Et pourtant, sous l’horreur des haillons amassés,
Comme arbres tout entiers en racines poussés,
Les vertus subsistaient depuis longues années,
Trésor tel, qu’en retour des oboles données,
Contemplant les devoirs pratiqués sans fléchir,
Pour une Éternité j’avais à m’enrichir !
Depuis ce moment-là, redoublant d’amour tendre,
De chaste et pur amour où l’Ange peut descendre,
Pour Elle, pour qu’à bien ceci lui soit compté,
Je soigne la famille, et quand j’ai suscité
Un bienfaiteur de plus, quelque bonté de femme
Comme il en est encor, je me dis dans mon âme :
« C’est Elle sous ce nom, Elle qu’ils vont bénir
(Nos noms, même en leurs vœux, ne doivent pas s’unir !),
C’est Elle, sans savoir, que leur vive prière
Recommande surtout, c’est Elle la première,
Vigilante, invisible, et par qui Dieu voulut
Leur rouvrir son secours en cet humain salut ! »

La Charité fervente est une mère pure
(Raphaël quelque part sous ces traits la figure) ;
Son œil regarde au loin, et les enfants venus
Contre elle de tous points se serrent, froids et nus.
Un de ses bras les tient ; l’autre bras en implore ;
Elle en presse à son sein, et son œil cherche encore.
Quelques-uns par derrière, atteignant à ses plis,
Et sentis seulement, sont déjà recueillis.

Jamais, jamais assez, Ô sainte hospitalière !
Mais ce que Raphaël en sa noble manière
Ne dit pas, c’est qu’au cœur elle a souvent son mal,
Elle aussi, quelque plaie à l’aiguillon fatal ;
Pourtant, comme à l’insu de la douleur qui creuse,
Chaque orphelin qui vient enlève l’âme heureuse !

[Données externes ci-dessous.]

(* Let $\mathrm{ocDAG}$ be the set of all ordered connected directed acyclic graphs, and let $\mathrm{ocROUTING} = \{\mathrm{routing}(\vec{G})\}_{\vec{G}\in\mathrm{ocDAG}}$. The unitary router $$\mathrm{router}: \mathrm{ocDAG} \rightarrow \mathrm{ocROUTING},\qquad \vec{G}\mapsto \mathrm{routing}(\vec{G})$$ is a bijection.
   Context: A topological ordering of a directed graph $G=(V,E)$ is a bijection $o: V\to\{1,\dots,|V|\}$ such that for every directed edge $(v_j,v_k)\in E$ one has $o(v_j)<o(v_k)$; a directed graph is acyclic (a DAG) iff it admits a topological ordering. An ordered DAG is a DAG $(V,E)$ with $V=\{1,\dots,|V|\}$ such that the identity map $j\mapsto j$ is a topological ordering. For a DAG $G=(V,E)$ with topological ordering $o$, the induced ordered DAG is $\vec{G}^{(o)} = (\{o(v)\,|\,v\in V\},\{(o(v_j),o(v_k))\,|\,(v_j,v_k)\in E\})$. $\mathrm{ocDAG}$ denotes the set of all ordered and connected DAGs. For a graph $G=(V,E)$ and vertex $v$, the parents are $P_G(v)=\{w\in V\,|\,(w,v)\in E\}$ and the children are $C_G(v)=\{w\in V\,|\,(v,w)\in E\}$. An ECM graph is a connected DAG $G=(V,E)$ whose vertices are partitioned into percepts $\mathcal{S}=\{v\,|\,P_G(v)=\emptyset\}$, actions $\mathcal{A}=\{v\,|\,C_G(v)=\emptyset\}$, and intermediate clips $\mathcal{C}=V\setminus(\mathcal{S}\cup\mathcal{A})$. Given an ECM graph $G=(V,E)$ with topological ordering $o$, a unitary route of $\vec{G}^{(o)}$ is a sequence of $|V|\times|V|$ unitary matrices $(U^{o(v)})_{v\in\mathcal{C}\cup\mathcal{A}}$, ordered by ascending superscript, whose entries are $U^i_{jk}=u^i_{jk}$ if $j,k\in\{i\}\cup P_{\vec{G}^{(o)}}(i)$ and $U^i_{jk}=\delta_{jk}$ otherwise, where the complex numbers $u^i_{jk}$ are arbitrary subject only to $U^i$ being unitary. The unitary routing $\mathrm{routing}(\vec{G}^{(o)})$ is the set of all unitary routes of $\vec{G}^{(o)}$ (obtained from all admissible choices of the coefficients $u^i_{jk}$). *)

From HB Require Import structures.
From mathcomp Require Import all_boot all_order all_algebra.
From mathcomp Require Import complex.
From mathcomp Require Import Rstruct.
Set Implicit Arguments. Unset Strict Implicit. Unset Printing Implicit Defensive.
Import Order.TTheory GRing.Theory Num.Theory.
Local Open Scope ring_scope.

Notation Cplx := (Rdefinitions.R)[i].

(* A directed graph on the vertex set {1,...,n} is encoded on 'I_n
   (vertex k+1 of the paper is the ordinal k); E is its set of directed edges. *)
Definition digraph (n : nat) := {set 'I_n * 'I_n}.

(* identity map is a topological ordering: every edge goes upward *)
Definition is_ordered (n : nat) (E : digraph n) : Prop :=
  forall j k : 'I_n, (j, k) \in E -> (j < k)%N.

Definition is_connected (n : nat) (E : digraph n) : Prop :=
  (0 < n)%N /\
  forall j k : 'I_n, connect (fun a b => ((a, b) \in E) || ((b, a) \in E)) j k.

(* ordered (hence acyclic) connected DAGs, of any size *)
Definition ocDAG : Type :=
  { G : {n : nat & digraph n} | is_ordered (projT2 G) /\ is_connected (projT2 G) }.

Definition ocsize (G : ocDAG) : nat := projT1 (proj1_sig G).
Definition ocedges (G : ocDAG) : digraph (ocsize G) := projT2 (proj1_sig G).

Definition parents (n : nat) (E : digraph n) (v : 'I_n) : {set 'I_n} :=
  [set w | (w, v) \in E].
Definition children (n : nat) (E : digraph n) (v : 'I_n) : {set 'I_n} :=
  [set w | (v, w) \in E].

Definition percepts (n : nat) (E : digraph n) : {set 'I_n} :=
  [set v | parents E v == set0].
Definition actions (n : nat) (E : digraph n) : {set 'I_n} :=
  [set v | children E v == set0].
Definition clips (n : nat) (E : digraph n) : {set 'I_n} :=
  ~: (percepts E :|: actions E).

Definition adjoint (n : nat) (U : 'M[Cplx]_n) : 'M[Cplx]_n :=
  map_mx Num.conj (U^T).
Definition unitary (n : nat) (U : 'M[Cplx]_n) : Prop :=
  U *m adjoint U = 1%:M.

Definition admissible (n : nat) (E : digraph n) (i : 'I_n) (U : 'M[Cplx]_n) : Prop :=
  unitary U /\
  forall j k : 'I_n,
    ~~ ((j \in i |: parents E i) && (k \in i |: parents E i)) ->
    U j k = (j == k)%:R.

(* A unitary route is a finite sequence of square complex matrices, all of one
   size m; the size is recorded so that routes of different graphs live in
   one common type. *)
Definition Route : Type := {m : nat & seq 'M[Cplx]_m}.

Definition route_indices (n : nat) (E : digraph n) : seq 'I_n :=
  [seq i <- enum 'I_n | i \in clips E :|: actions E].

Definition routing_of (n : nat) (E : digraph n) : Route -> Prop :=
  fun r => exists Us : 'I_n -> 'M[Cplx]_n,
      (forall i, i \in clips E :|: actions E -> admissible E i (Us i)) /\
      r = existT (fun m => seq 'M[Cplx]_m) n [seq Us i | i <- route_indices E].

Definition routing (G : ocDAG) : Route -> Prop := routing_of (ocedges G).

Definition ocROUTING : Type := { R : Route -> Prop | exists G : ocDAG, R = routing G }.

Definition router (G : ocDAG) : ocROUTING :=
  exist (fun R => exists G : ocDAG, R = routing G) (routing G) (ex_intro _ G erefl).

(** A unitary route of an ordered DAG remembers the graph.  Its length is the
    number of non-percepts, and at position t the diagonal entry (j, j) can be
    moved away from 1 (by a sign flip, which is unitary) exactly when
    j ∈ {i_t} ∪ P(i_t).  So routing(G) determines the sequence of supports
    S_t = {i_t} ∪ P(i_t).  As parents precede their children, i_t is the
    largest vertex of S_t and the edges into i_t are the pairs (p, max S_t)
    with p ∈ S_t \ {i_t}; every edge target is a non-percept, hence some i_t. *)
From mathcomp Require Import all_boot all_order all_algebra.
From mathcomp Require Import complex Rstruct.
From Stdlib Require Import Eqdep_dec ProofIrrelevance ClassicalEpsilon.
Set Implicit Arguments. Unset Strict Implicit. Unset Printing Implicit Defensive.
Import Order.TTheory GRing.Theory Num.Theory.
Local Open Scope ring_scope.

Lemma adjoint_diag_mx n (d : 'rV[Cplx]_n) :
  adjoint (diag_mx d) = diag_mx (map_mx Num.conj d).
Proof. by rewrite /adjoint tr_diag_mx map_diag_mx. Qed.

Lemma unitary_diag_mx n (d : 'rV[Cplx]_n) :
  (forall k, d 0 k * (d 0 k)^* = 1) -> unitary (diag_mx d).
Proof.
move=> d_unit; rewrite /unitary adjoint_diag_mx mulmx_diag -diag_const_mx.
by congr diag_mx; apply/matrixP => i k; rewrite !mxE d_unit.
Qed.

Definition sign_mx n (A : {set 'I_n}) : 'M[Cplx]_n :=
  diag_mx (\row_k (if k \in A then -1 else 1)).

Lemma sign_mxE n (A : {set 'I_n}) j k :
  sign_mx A j k = (if j \in A then -1 else 1) *+ (j == k).
Proof. by rewrite !mxE. Qed.

Lemma unitary_sign_mx n (A : {set 'I_n}) : unitary (sign_mx A).
Proof.
apply: unitary_diag_mx => k; rewrite mxE.
by case: ifP; rewrite ?conjCN1 ?conjC1 ?mulrNN mulr1.
Qed.

Lemma admissible_sign_mx n (E : digraph n) i (A : {set 'I_n}) :
  A \subset i |: parents E i -> admissible E i (sign_mx A).
Proof.
move=> sub_A; split=> [|j k]; first exact: unitary_sign_mx.
rewrite sign_mxE; case: (eqVneq j k) => [<-|_]; last by rewrite !mulr0n.
rewrite andbb => j_out; case: ifP => [/(subsetP sub_A) j_in|_] //.
by rewrite j_in in j_out.
Qed.

Lemma mem_route_indices n (E : digraph n) p i :
  (p, i) \in E -> i \in route_indices E.
Proof.
move=> e_pi; rewrite mem_filter mem_enum andbT !inE negb_or.
case: (boolP (children E i == set0)) => [|_]; rewrite ?orbT // andbT orbF.
by apply/negP => /eqP/setP/(_ p); rewrite !inE e_pi.
Qed.

Definition route_supports n (E : digraph n) : seq {set 'I_n} :=
  [seq i |: parents E i | i <- route_indices E].

Lemma routing_of_trivial_route n (E : digraph n) :
  routing_of E (existT _ n [seq sign_mx set0 | _ <- route_indices E]).
Proof.
by exists (fun=> sign_mx set0); split=> // i _; apply/admissible_sign_mx/sub0set.
Qed.

Definition diag_movable (R : Route -> Prop) n t (j : 'I_n) : Prop :=
  exists s, R (existT _ n s) /\ (nth 1%:M s t) j j != 1.

Lemma diag_movableP n (E : digraph n) t j :
  diag_movable (routing_of E) t j <-> j \in nth set0 (route_supports E) t.
Proof.
split=> [[s [[Us [Us_adm /(inj_pair2_eq_dec _ PeanoNat.Nat.eq_dec _ _ _ _) ->]]]]|].
- case: (ltnP t (size (route_indices E))) => [t_lt|t_ge]; last first.
    by rewrite nth_default ?size_map // mxE eqxx mulr1n eqxx.
  rewrite (nth_map j) // (nth_map j) //; set i := nth j _ t.
  have i_idx : i \in clips E :|: actions E.
    by have := mem_nth j t_lt; rewrite mem_filter => /andP[].
  have [_ Ui_delta] := Us_adm i i_idx.
  by apply: contraR => j_out; rewrite Ui_delta ?andbb // eqxx.
- case: (ltnP t (size (route_indices E))) => [t_lt|t_ge]; last first.
    by rewrite nth_default ?size_map ?inE.
  rewrite (nth_map j) // => j_in.
  pose Us i := sign_mx ([set j] :&: (i |: parents E i)).
  exists [seq Us i | i <- route_indices E]; split.
    by exists Us; split=> // i _; apply/admissible_sign_mx/subsetIr.
  rewrite (nth_map j) // sign_mxE in_setI set11 j_in eqxx mulr1n.
  by rewrite eq_sym -addr_eq0 -mulr2n pnatr_eq0.
Qed.

Lemma routing_of_route_supports n (E1 E2 : digraph n) :
  routing_of E1 = routing_of E2 -> route_supports E1 = route_supports E2.
Proof.
move=> eq_routing; apply: (@eq_from_nth _ set0) => [|t _].
  have := routing_of_trivial_route E1; rewrite eq_routing => -[Us [_]].
  move/(inj_pair2_eq_dec _ PeanoNat.Nat.eq_dec _ _ _ _)/(congr1 size).
  by rewrite !size_map.
apply/setP => j; apply/idP/idP => /diag_movableP.
  by rewrite eq_routing => /diag_movableP.
by rewrite -eq_routing => /diag_movableP.
Qed.

Definition support_edge n (S : {set 'I_n}) (p i : 'I_n) : bool :=
  [&& p \in S, i \in S, (p < i)%N & [forall k in S, (k <= i)%N]].

Lemma ordered_edgeE n (E : digraph n) : is_ordered E ->
  forall p i, ((p, i) \in E) = has (fun S => support_edge S p i) (route_supports E).
Proof.
move=> E_ord p i; apply/idP/hasP => [e_pi|[_ /mapP[i' _ ->]]].
  exists (i |: parents E i); first exact/map_f/(mem_route_indices e_pi).
  rewrite /support_edge !inE eqxx e_pi E_ord //= orbT; apply/forall_inP => k.
  by rewrite !inE => /orP[/eqP->|/E_ord/ltnW].
rewrite /support_edge !inE => /and4P[p_in i_in p_lt /forall_inP i_top].
have i'_le : (i' <= i)%N by apply: i_top; rewrite !inE eqxx.
have eq_i : i' = i.
  case/orP: i_in => [/eqP//|/E_ord i_lt].
  by have := leq_trans i_lt i'_le; rewrite ltnn.
subst i'; case/orP: p_in => [/eqP p_eq|//].
by move: p_lt; rewrite p_eq ltnn.
Qed.

Lemma ordered_route_supports_inj n (E1 E2 : digraph n) :
  is_ordered E1 -> is_ordered E2 -> route_supports E1 = route_supports E2 -> E1 = E2.
Proof.
move=> E1_ord E2_ord eq_supports; apply/setP => -[p i].
by rewrite ordered_edgeE // ordered_edgeE // eq_supports.
Qed.

Lemma routing_inj : injective routing.
Proof.
move=> [[n1 E1] [E1_ord E1_conn]] [[n2 E2] [E2_ord E2_conn]].
rewrite /routing /ocedges /= => eq_routing.
have eq_n : n1 = n2.
  have := routing_of_trivial_route E1; rewrite eq_routing => -[Us [_]].
  by move/(congr1 (@projT1 _ _)).
subst n2.
have eq_E : E1 = E2.
  exact: ordered_route_supports_inj E1_ord E2_ord (routing_of_route_supports eq_routing).
subst E2; congr exist; exact: proof_irrelevance.
Qed.

Lemma bijective_corestriction (A B : Type) (f : A -> B) : injective f ->
  bijective (fun a => exist (fun b => exists a', b = f a') (f a) (ex_intro _ a erefl)).
Proof.
move=> f_inj.
pose g (b : {b | exists a, b = f a}) :=
  proj1_sig (constructive_indefinite_description _ (proj2_sig b)).
exists g => [a|[b b_im]]; rewrite /g /=.
  by case: constructive_indefinite_description => a' /= /f_inj.
case: constructive_indefinite_description => a' /= b_eq; subst b.
by congr exist; exact: proof_irrelevance.
Qed.

Theorem lemma1 : bijective router.
Proof. exact: bijective_corestriction routing_inj. Qed.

Et nous pouvons ainsi sans blasphème, Elle et moi
Toucher à ces objets de prière et de foi.
Souffrir et nous sevrer, aimer nos chemins sombres,
C’est là notre lot même en ce monde des ombres.
Les plus gais de nos jours et les mieux partagés
Sont ceux encore où seuls, et loin des yeux légers.
Dans les petits sentiers du lointain cimetière
Ensemble nous passons une heure tout entière.
En ce lieu qui pour nous garde des morts sacrés,
Nos pas sont lents et doux, nos propos murmurés ;
Rarement le soleil, débordant sur nos têtes,
Rayonne ces jours-là ; de nos timides fêtes
Les reflets mi-voilés ont gagné la saison :
C’est vapeur suspendue et tiède maison[1].
Si quelque veuve en deuil dans le sentier se montre,
Un cyprès qu’on détourne évite la rencontre.
La piété funèbre, errant sous les rameaux,
Donne au bonheur discret le souvenir des maux,
Le prépare à l’absence ; et quand, l’heure écoulée,
On part, — rentré chacun dans sa foule mêlée,
On voit longtemps encor la pierre où l’on pria,
Et la tombe blanchir sous son acacia !


  1. Limes erat tenuis longa subnubilus umbra.
    Ovide.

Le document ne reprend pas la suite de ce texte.